Published:Wednesday | January 22, 2020 | 12:19 AM
An employee works in a chemical fibre plant in Nantong in eastern China’s Jiangsu Province, Friday, January 17, 2020. IMF expects a moderate pick-up in world growth.
An employee works in a chemical fibre plant in Nantong in eastern China’s Jiangsu Province, Friday, January 17, 2020. IMF expects a moderate pick-up in world growth.

Low interest rates and reduced trade tensions will likely buoy the global economy over the next two years and help nurture steady, if modest, growth.

That’s the view of the International Monetary Fund, which foresees world economic growth accelerating from 2.9 per cent last year to 3.3 per cent in 2020 and 3.4 per cent in 2021. The international economy is receiving a significant boost – 0.5 percentage point of growth last year and this year – from central banks’ low-rate policies, the lending organisation says in a global outlook report on Monday. The US Federal Reserve, for instance, cut rates three times last year and expects to keep rates low for the foreseeable future.

Interim trade deal

And an interim trade deal signed last week by the United States and China – the world’s two biggest economies – is expected to add 0.2 percentage point to global growth this year by lowering tariffs and improving business confidence. The global economy is rebounding from some temporary stumbles, including a lull in the launch of new technology products and new emissions standards that disrupted car production.

Still, the IMF warns that the global economy continues to face an array of risks, including the possibility that trade tensions will escalate again. And many countries aren’t benefiting from the modest upswing in growth.

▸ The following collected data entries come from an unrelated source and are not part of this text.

(* Let $J_j(x)=\tfrac{c_j}{2}x^2+\bar c_jx$ with $c_j>0$, and let $\rho>0$. Consider the system in the variables $z=(\hat q,\tilde\theta)\in\mathbb{R}^n\times\mathbb{R}^{|\mathcal E|}$ and $\sigma=(\lambda,\omega,\alpha,\eta)\in\mathbb{R}\times\mathbb{R}^n\times\mathbb{R}^n\times\mathbb{R}^{2|\mathcal E|}$, with $\pi:=\lambda\mathbf 1-H\eta-\omega$ and $q:=\tfrac1\rho(\pi-\alpha)+\hat q$: \[ \dot{\tilde\theta}=C^T\omega,\qquad M\dot\omega=q-d-D\omega-CB\tilde\theta, \] \[ \tau^\alpha_j\dot\alpha_j=q_j-\frac{\pi_j-\bar c_j}{c_j}\ (j=1,\dots,n),\qquad T^{\hat q}\dot{\hat q}=\pi-\alpha, \] \[ T^\lambda\dot\lambda=-\mathbf 1^T(q-d),\qquad T^\eta\dot\eta=\big[H^T(q-d)-F\big]^+_\eta, \] with initial points satisfying $\eta(0)\ge0$. Then a point $(z^*,\sigma^* )$ (with $\eta^*\ge0$) is an equilibrium of this system if and only if, setting $p^*_j:=(\pi^*_j-\bar c_j)/c_j$ with $\pi^*=\lambda^*\mathbf 1-H\eta^*-\omega^*$, $q^*:=\tfrac1\rho(\pi^*-\alpha^* )+\hat q^*$ and $\nu^*:=\omega^*$, the tuple $(p^*,q^*,\omega^*,\tilde\theta^*,\alpha^*,\lambda^*,\eta^*,\nu^* )$ is an optimal primal-dual solution of the planner's problem \[ \min_{p,q,\omega\in\mathbb{R}^n,\,\tilde\theta\in\mathbb{R}^{|\mathcal E|}}\ \sum_jJ_j(p_j)+\tfrac12\omega^TD\omega \] subject to $q=p$ (multiplier $\alpha$), $\mathbf 1^T(q-d)=0$ (multiplier $\lambda$), $H^T(q-d)\le F$ (multiplier $\eta\ge0$), $q-d-D\omega-CB\tilde\theta=0$ (multiplier $\nu$).
   Context: $(\mathcal N,\mathcal E)$ is a connected directed graph with $\mathcal N=\{1,\dots,n\}$; $C$ is its incidence matrix ($C_{j,e}=1$ if $e=(j,k)$, $-1$ if $e=(k,j)$, $0$ otherwise). $B$, $D$, $M$ are diagonal with positive diagonal entries; $T^{\hat q},T^\lambda,T^\eta$ are diagonal (or positive scalar) with positive entries, and $\tau^\alpha_j>0$. $L:=CBC^T$, $H\in\mathbb{R}^{n\times2|\mathcal E|}$ with $H^T=\begin{bmatrix} BC^TL^\dagger\\ -BC^TL^\dagger\end{bmatrix}$ ($L^\dagger$ Moore–Penrose inverse), $F=\begin{bmatrix}\overline F\\-\underline F\end{bmatrix}$, $d\in\mathbb{R}^n$ given. Projection: for vectors $y,u$, $([y]^+_u)_e=y_e$ if $y_e>0$ or $u_e>0$, and $0$ otherwise. Optimal primal-dual solutions are with respect to the Lagrangian $\sum_jJ_j(p_j)+\tfrac12\omega^TD\omega+\nu^T(q-d-D\omega-CB\tilde\theta)+\alpha^T(q-p)-\lambda\mathbf 1^T(q-d)+\eta^T(H^T(q-d)-F)$. (The system models linearized swing dynamics, generators' price-bid updates comparing dispatch with their profit-maximizing output at price $\pi$, and regularized market dispatch/pricing with virtual dispatch $\hat q$.) *)

From HB Require Import structures.
From mathcomp Require Import all_boot all_order all_algebra.
Set Implicit Arguments. Unset Strict Implicit. Unset Printing Implicit Defensive.
Import Order.TTheory GRing.Theory Num.Theory.
Local Open Scope ring_scope.

Definition incidence (R : pzRingType) (n m : nat) (src dst : 'I_m -> 'I_n) : 'M[R]_(n, m) :=
  \matrix_(j, e) (if src e == j then 1 else if dst e == j then -1 else 0).

Definition adj (n m : nat) (src dst : 'I_m -> 'I_n) : rel 'I_n :=
  fun j k => [exists e, ((src e == j) && (dst e == k)) || ((src e == k) && (dst e == j))].

Definition graph_connected (n m : nat) (src dst : 'I_m -> 'I_n) : Prop :=
  forall j k : 'I_n, connect (adj src dst) j k.

Definition diagm (R : pzRingType) (k : nat) (v : 'I_k -> R) : 'M[R]_k :=
  diag_mx (\row_i v i).

Definition is_MP_inverse (R : pzRingType) (k : nat) (A X : 'M[R]_k) : Prop :=
  [/\ A *m X *m A = A, X *m A *m X = X, (A *m X)^T = A *m X & (X *m A)^T = X *m A].

Definition Hmat (R : pzRingType) (n m : nat) (C : 'M[R]_(n, m)) (b : 'I_m -> R)
  (Ldag : 'M[R]_n) : 'M[R]_(n, m + m) :=
  (col_mx (diagm b *m C^T *m Ldag) (- (diagm b *m C^T *m Ldag)))^T.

Presenting the report at a news conference in Davos, Switzerland, IMF chief Kristalina Georgieva said that after a slowdown in 2019 there should be “a moderate pickup in global growth this year and next”.

“We already see some tentative signs of stabilisation,” she said. “But we have not reached a turning point yet.”

Even in the United States, the IMF foresees growth slowing from 2.3 per cent in 2019 to 2 per cent this year and 1.7 per cent in 2021, partly because the boost that the economy received from President Donald Trump’s 2017 tax cuts has faded.

China’s economy will also continue to decelerate, the IMF predicts – from 6.1 per cent last year to 6 per cent in 2020 and 5.8 per cent next year. Though China’s economy will likely benefit from the truce with the United States, Beijing continues to manage a difficult transition away from speedy economic growth based on often-wasteful and debt-fuelled investments to slower but steadier growth built on spending by the country’s growing middle class.

Likewise, Japan’s economic growth, hobbled by an ageing workforce, is expected to decelerate from 1 per cent last year to 0.7 per cent this year to 0.5 per cent next year.

Collective growth in the 19 countries that use the euro currency is expected to gradually pick up: 1.2 per cent in 2019, 1.3 per cent in 2020 and 1.4 per cent in 2021.

The IMF’s global forecast is slightly bleaker than the previous one it issued in October, mainly because of an expected sharp slowdown in India: The world’s seventh-biggest economy is expected to grow 5.8 per cent this year, down from the 7 per cent the IMF had expected in October, and 6.5 per cent in 2021, down from a previously forecast 7.4 per cent. In addition, problems in the financial sector have reduced credit, crimping consumer spending in India.